╭─ SOURCE DATA

(* The assignment $\mathrm{L}:\mathbf{TArb}\to\mathbf{FinArb}^<_\star$ (defined below) is a well-defined functor: for every object $G$ of $\mathbf{TArb}$, $\mathrm{L}(G)$ is a finite edge-ordered arborescence, and for every morphism $h:G\to H$ of $\mathbf{TArb}$, $\mathrm{L}(h)$ is a homomorphism of pointed edge-ordered graphs $\mathrm{L}(G)\to\mathrm{L}(H)$; moreover $\mathrm{L}$ preserves identities and composition.
   Context: A (directed) graph is $(V,\to)$ with $\to\subseteq V\times V$; $N(u)$ is the set of outgoing edges of $u$. A pointed graph has a distinguished vertex $v_0$; connected means every vertex is reachable by a path from $v_0$. A path is a finite sequence $v_1\to\cdots\to v_n$ of vertices joined by edges, with length $|\pi|$; co-initial paths share their source; $\pi\sqsubset\sigma$ means $\pi$ is a proper prefix of $\sigma$. A finite edge-ordered graph is a finite graph with a strict linear order $\triangleleft$ on each neighborhood. Lexicographic path order: if $\pi\sqsubset\sigma$ then $\pi\prec\sigma$ (symmetrically); otherwise, with $\zeta$ the longest common prefix, $u$ its target and $v_1,v_2$ the next vertices, $\pi\prec\sigma$ iff $u\to v_1\triangleleft u\to v_2$. Shortlex: $\pi\prec^s\sigma$ iff $|\pi|<|\sigma|$ or ($|\pi|=|\sigma|$ and $\pi\prec\sigma$). A homomorphism of finite pointed edge-ordered graphs $h:G\to H$ is a vertex map with (i) $u\to v$ implies $h(u)\to h(v)$; (ii) the distinguished vertex of $G$ is the unique vertex mapped to the distinguished vertex of $H$; (iii) $u\to v_1\triangleleft u\to v_2$ implies $h(u)\to h(v_1)\triangleleft h(u)\to h(v_2)$. An arborescence is a pointed graph with a unique path $v_0\rightsquigarrow u$ for every $u$. $\mathbf{FinArb}^<_\star$: finite edge-ordered arborescences with homomorphisms of pointed edge-ordered graphs. $\mathbf{TArb}$: objects are finite, pointed, connected, edge-ordered graphs $G$ for which there is a finite, connected, pointed, edge-ordered arborescence $T$ on the same vertices with the same distinguished point such that the edge relation of $G$ is the transitive closure of that of $T$ and $u\to v_1\triangleleft u\to v_2$ in $G$ iff $(v_0\rightsquigarrow v_1)\prec^s(v_0\rightsquigarrow v_2)$ for the unique paths in $T$; in such $G$ longest paths $u\rightsquigarrow v$ are unique. Morphisms of $\mathbf{TArb}$ are homomorphisms satisfying (i)–(iii) that map the longest path $u\rightsquigarrow v$ to the longest path $h(u)\rightsquigarrow h(v)$. $\mathrm{L}(G)$ has the vertices and distinguished point of $G$, contains an edge $u\to v$ iff it lies on the longest path $v_0\rightsquigarrow v$ in $G$, with neighborhood order inherited from $G$; $\mathrm{L}(h)(v)=h(v)$. *)

From mathcomp Require Import all_boot.
Set Implicit Arguments. Unset Strict Implicit. Unset Printing Implicit Defensive.

(* A finite pointed edge-ordered graph on a finite vertex type V.
   edge u v      : u -> v
   root          : the distinguished vertex v0
   eord u v1 v2  : u->v1 <| u->v2 (order on the neighbourhood of u) *)
Record peog (V : finType) := PEOG {
  edge : V -> V -> Prop;
  root : V;
  eord : V -> V -> V -> Prop }.

Section Defs.
Variable V : finType.

(* A path x -> p_1 -> ... -> p_n is represented by its source x and the
   sequence p of the remaining vertices; its length is size p. *)
Fixpoint is_walk (e : V -> V -> Prop) (x : V) (p : seq V) : Prop :=
  match p with
  | [::] => True
  | y :: p' => e x y /\ is_walk e y p'
  end.

Definition is_path_from_to (e : V -> V -> Prop) (u v : V) (p : seq V) : Prop :=
  is_walk e u p /\ last u p = v.

Definition edge_ordered (G : peog V) : Prop :=
  forall u,
    (forall v1 v2, eord G u v1 v2 -> edge G u v1 /\ edge G u v2) /\
    (forall v, ~ eord G u v v) /\
    (forall v1 v2 v3, eord G u v1 v2 -> eord G u v2 v3 -> eord G u v1 v3) /\
    (forall v1 v2, edge G u v1 -> edge G u v2 -> v1 <> v2 ->
                   eord G u v1 v2 \/ eord G u v2 v1).

Definition connected (G : peog V) : Prop :=
  forall u, exists p, is_path_from_to (edge G) (root G) u p.

Definition is_arborescence (G : peog V) : Prop :=
  forall u, exists! p, is_path_from_to (edge G) (root G) u p.

Definition is_finarb (G : peog V) : Prop :=
  edge_ordered G /\ is_arborescence G.

Fixpoint lex_lt (o : V -> V -> V -> Prop) (u : V) (s t : seq V) : Prop :=
  match s, t with
  | [::], [::] => False
  | [::], _ :: _ => True
  | _ :: _, [::] => False
  | x :: s', y :: t' => if x == y then lex_lt o x s' t' else o u x y
  end.

Definition shortlex_lt (o : V -> V -> V -> Prop) (u : V) (s t : seq V) : Prop :=
  size s < size t \/ (size s = size t /\ lex_lt o u s t).

Definition tclosure (e : V -> V -> Prop) (u v : V) : Prop :=
  exists p, p <> [::] /\ is_path_from_to e u v p.

Definition is_tarb (G : peog V) : Prop :=
  edge_ordered G /\ connected G /\
  exists T : peog V,
    is_finarb T /\ connected T /\ root T = root G /\
    (forall u v, edge G u v <-> tclosure (edge T) u v) /\
    (forall u v1 v2, edge G u v1 -> edge G u v2 ->
       forall p1 p2, is_path_from_to (edge T) (root T) v1 p1 ->
                     is_path_from_to (edge T) (root T) v2 p2 ->
       (eord G u v1 v2 <-> shortlex_lt (eord T) (root T) p1 p2)).

Definition is_longest (G : peog V) (u v : V) (p : seq V) : Prop :=
  is_path_from_to (edge G) u v p /\
  forall q, is_path_from_to (edge G) u v q -> size q <= size p.

Definition L_edge (G : peog V) (u v : V) : Prop :=
  exists p, is_longest G (root G) v p /\ (u, v) \in zip (root G :: p) p.

Definition Lgraph (G : peog V) : peog V :=
  PEOG (L_edge G) (root G)
       (fun u v1 v2 => eord G u v1 v2 /\ L_edge G u v1 /\ L_edge G u v2).

End Defs.

Definition is_hom (V W : finType) (G : peog V) (H : peog W) (h : V -> W) : Prop :=
  (forall u v, edge G u v -> edge H (h u) (h v)) /\
  (forall x, h x = root H <-> x = root G) /\
  (forall u v1 v2, eord G u v1 v2 -> eord H (h u) (h v1) (h v2)).

Definition tarb_mor (V W : finType) (G : peog V) (H : peog W) (h : V -> W) : Prop :=
  is_hom G H h /\
  (forall u v p, is_longest G u v p -> is_longest H (h u) (h v) (map h p)).

Definition Lmap (V W : finType) (h : V -> W) : V -> W := fun v => h v.

From Pilot Require Import Defs.
From mathcomp Require Import all_boot.
From mathcomp Require Import zify.

Set Implicit Arguments.
Unset Strict Implicit.
Unset Printing Implicit Defensive.

(* In an object G of TArb with generating tree T, every edge of G is a
   nonempty T-path, so refining a G-path into T-edges only lengthens it and
   keeps its endpoints.  Since T-paths from the root are unique, the longest
   G-path from the root to v is exactly the T-path to v; hence the edges of
   L(G) are those of T and L(G) is an arborescence.  A TArb morphism maps
   longest paths to longest paths and fixes the root, so it maps edges of
   L(G) to edges of L(H). *)

Section Walks.
Variable V : finType.
Implicit Types (e f : V -> V -> Prop) (x y u v : V) (p q : seq V).

Lemma walk_impl e f : (forall u v, e u v -> f u v) ->
  forall x p, is_walk e x p -> is_walk f x p.
Proof. by move=> ef x p; elim: p x => //= y p IH x [/ef exy /IH]. Qed.

Lemma path_from_to_iff e f : (forall u v, e u v <-> f u v) ->
  forall x y p, is_path_from_to e x y p <-> is_path_from_to f x y p.
Proof.
move=> ef x y p; rewrite /is_path_from_to.
by split=> -[w l]; split=> //; apply: walk_impl w => u v /ef.
Qed.

Lemma walk_cat e x p q :
  is_walk e x (p ++ q) <-> is_walk e x p /\ is_walk e (last x p) q.
Proof. by elim: p x => [|y p IH] x /=; [tauto | rewrite IH; tauto]. Qed.

Lemma walk_rcons e x p y :
  is_walk e x (rcons p y) <-> is_walk e x p /\ e (last x p) y.
Proof. by rewrite -cats1 walk_cat /=; tauto. Qed.

Lemma walk_zip_edge e x p u v :
  is_walk e x p -> (u, v) \in zip (x :: p) p -> e u v.
Proof.
elim: p x => //= y p IH x [exy w]; rewrite in_cons => /orP[/eqP[-> ->] //|].
exact: IH.
Qed.

Lemma last_edge_in_zip x p y :
  (last x p, y) \in zip (x :: rcons p y) (rcons p y).
Proof.
elim: p x => [|z p IH] x /=; first by rewrite mem_seq1.
by rewrite in_cons IH orbT.
Qed.

Lemma walk_tclosure_refine e f : (forall u v, e u v -> tclosure f u v) ->
  forall x p, is_walk e x p ->
  exists2 q, is_path_from_to f x (last x p) q &
    size p <= size q /\ (size q <= size p -> is_walk f x p).
Proof.
move=> ef x p; elim: p x => [|y p IH] x /=; first by exists [::].
move=> [/ef [s [s_nil [s_walk s_last]]] /IH [q [q_walk q_last] [le_pq eq_pq]]].
exists (s ++ q); first by rewrite /is_path_from_to walk_cat last_cat s_last.
rewrite size_cat; case: s s_nil s_walk s_last => [//|a [|b s]] _ /=; last lia.
move=> [fxa _] ay; subst a.
by split=> [|le_qp]; [lia | split=> //; apply: eq_pq; lia].
Qed.

Lemma arborescence_eq_edges (A B : peog V) :
  Defs.root A = Defs.root B -> (forall u v, edge A u v <-> edge B u v) ->
  is_arborescence B -> is_arborescence A.
Proof.
move=> rAB eAB Barb u; have [t [t_path t_uniq]] := Barb u.
have pAB := path_from_to_iff eAB; rewrite rAB.
by exists t; split=> [|t' /pAB]; [apply/pAB | apply: t_uniq].
Qed.

Lemma edge_ordered_restrict (G : peog V) e :
  edge_ordered G -> (forall u v, e u v -> edge G u v) ->
  edge_ordered (PEOG e (Defs.root G)
                  (fun u v1 v2 => eord G u v1 v2 /\ e u v1 /\ e u v2)).
Proof.
move=> Gord eG u /=; have [_ [irr [trans total]]] := Gord u.
split; first by move=> v1 v2 [_ []].
split; first by move=> v [/irr].
split.
  by move=> v1 v2 v3 [o12 [e1 _]] [o23 [_ e3]]; split; [exact: trans o23|].
by move=> v1 v2 e1 e2 /(total _ _ (eG _ _ e1) (eG _ _ e2)) [] o; [left | right].
Qed.

End Walks.

Section LongestPathsAreTreePaths.
Variables (V : finType) (G T : peog V).
Hypothesis T_arb : is_arborescence T.
Hypothesis root_TG : Defs.root T = Defs.root G.
Hypothesis edge_GT : forall u v, edge G u v <-> tclosure (edge T) u v.

Lemma tree_edge_edge u v : edge T u v -> edge G u v.
Proof. by move=> uv; apply/edge_GT; exists [:: v]. Qed.

Let refine_to_tree := walk_tclosure_refine (fun u v => proj1 (edge_GT u v)).

Lemma tree_path_uniq v p q :
  is_path_from_to (edge T) (Defs.root G) v p ->
  is_path_from_to (edge T) (Defs.root G) v q -> p = q.
Proof.
have [t [_ t_uniq]] := T_arb v; rewrite -root_TG.
by move=> /t_uniq <- /t_uniq <-.
Qed.

Lemma tree_path_exists v : exists t, is_path_from_to (edge T) (Defs.root G) v t.
Proof. by have [t [t_path _]] := T_arb v; exists t; rewrite -root_TG. Qed.

Lemma tree_path_longest v t :
  is_path_from_to (edge T) (Defs.root G) v t -> is_longest G (Defs.root G) v t.
Proof.
move=> [t_walk t_last]; split.
  by split=> //; apply: walk_impl t_walk; apply: tree_edge_edge.
move=> q [/refine_to_tree [q' q'_path [le_qq' _]] q_last].
rewrite q_last in q'_path.
by rewrite (tree_path_uniq (conj t_walk t_last) q'_path).
Qed.

Lemma longest_tree_path v p :
  is_longest G (Defs.root G) v p -> is_path_from_to (edge T) (Defs.root G) v p.
Proof.
move=> [[p_walk p_last] p_max]; have [t t_path] := tree_path_exists v.
have [q q_path [_ q_short]] := refine_to_tree p_walk; rewrite p_last in q_path.
have le_tp := p_max t (proj1 (tree_path_longest t_path)).
rewrite -(tree_path_uniq t_path q_path) in q_short.
by split=> //; apply: q_short.
Qed.

Lemma L_edgeE u v : L_edge G u v <-> edge T u v.
Proof.
split=> [[p [/longest_tree_path [p_walk _]]]|uv]; first exact: walk_zip_edge.
have [t [t_walk t_last]] := tree_path_exists u.
exists (rcons t v); split; last by rewrite -t_last last_edge_in_zip.
apply: tree_path_longest; split; last exact: last_rcons.
by apply/walk_rcons; rewrite t_last.
Qed.

End LongestPathsAreTreePaths.

Lemma mem_zip_map (S R : eqType) (h : S -> R) s t u v :
  (u, v) \in zip s t -> (h u, h v) \in zip (map h s) (map h t).
Proof.
elim: s t => [|a s IH] [|b t] //=; rewrite !in_cons => /orP[/eqP[-> ->]|uv].
  by rewrite eqxx.
by rewrite IH ?orbT.
Qed.

Lemma Lgraph_finarb (V : finType) (G : peog V) :
  is_tarb G -> is_finarb (Lgraph G).
Proof.
move=> [G_ord [_ [T [[_ T_arb] [_ [root_TG [edge_GT _]]]]]]].
have LE := L_edgeE T_arb root_TG edge_GT.
split.
  by apply: edge_ordered_restrict G_ord _ => u v /LE /(tree_edge_edge edge_GT).
by apply: arborescence_eq_edges T_arb; [rewrite root_TG | exact: LE].
Qed.

Lemma L_edge_map (V W : finType) (G : peog V) (H : peog W) (h : V -> W) :
  h (Defs.root G) = Defs.root H ->
  (forall u v p, is_longest G u v p -> is_longest H (h u) (h v) (map h p)) ->
  forall u v, L_edge G u v -> L_edge H (h u) (h v).
Proof.
move=> h_root h_longest u v [p [p_longest uv]]; exists (map h p).
by rewrite -h_root -map_cons; split; [exact: h_longest | exact: mem_zip_map].
Qed.

Lemma Lmap_hom (V W : finType) (G : peog V) (H : peog W) (h : V -> W) :
  tarb_mor G H h -> is_hom (Lgraph G) (Lgraph H) (Lmap h).
Proof.
move=> [[_ [h_root h_ord]] h_longest].
have LE := L_edge_map (proj2 (h_root _) erefl) h_longest.
split; first exact: LE; split; first exact: h_root.
by move=> u v1 v2 [o12 [e1 e2]]; split; [exact: h_ord | split; exact: LE].
Qed.

Theorem lemma10p7 :
  (forall (V : finType) (G : peog V), is_tarb G -> is_finarb (Lgraph G)) /\
  (forall (V W : finType) (G : peog V) (H : peog W) (h : V -> W),
      is_tarb G -> is_tarb H -> tarb_mor G H h ->
      is_hom (Lgraph G) (Lgraph H) (Lmap h)) /\
  (forall (V : finType) (G : peog V), is_tarb G ->
      Lmap (fun x : V => x) =1 (fun x : V => x)) /\
  (forall (U V W : finType) (F : peog U) (G : peog V) (H : peog W)
          (h : U -> V) (g : V -> W),
      is_tarb F -> is_tarb G -> is_tarb H ->
      tarb_mor F G h -> tarb_mor G H g ->
      Lmap (g \o h) =1 Lmap g \o Lmap h).
Proof.
split; first exact: Lgraph_finarb.
split; first by move=> V W G H h _ _; exact: Lmap_hom.
by split.
Qed.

╰─

§ AIM OF THE EXERCISE: Copy out the lines starting at the one containing "tarb_mor F G h -> tarb_mor G H g ->" and ending with the last line of the entries. Include nothing else.

§ RESPONSE TO THIS EXERCISE:
      tarb_mor F G h -> tarb_mor G H g ->
      Lmap (g \o h) =1 Lmap g \o Lmap h).
Proof.
split; first exact: Lgraph_finarb.
split; first by move=> V W G H h _ _; exact: Lmap_hom.
by split.
Qed.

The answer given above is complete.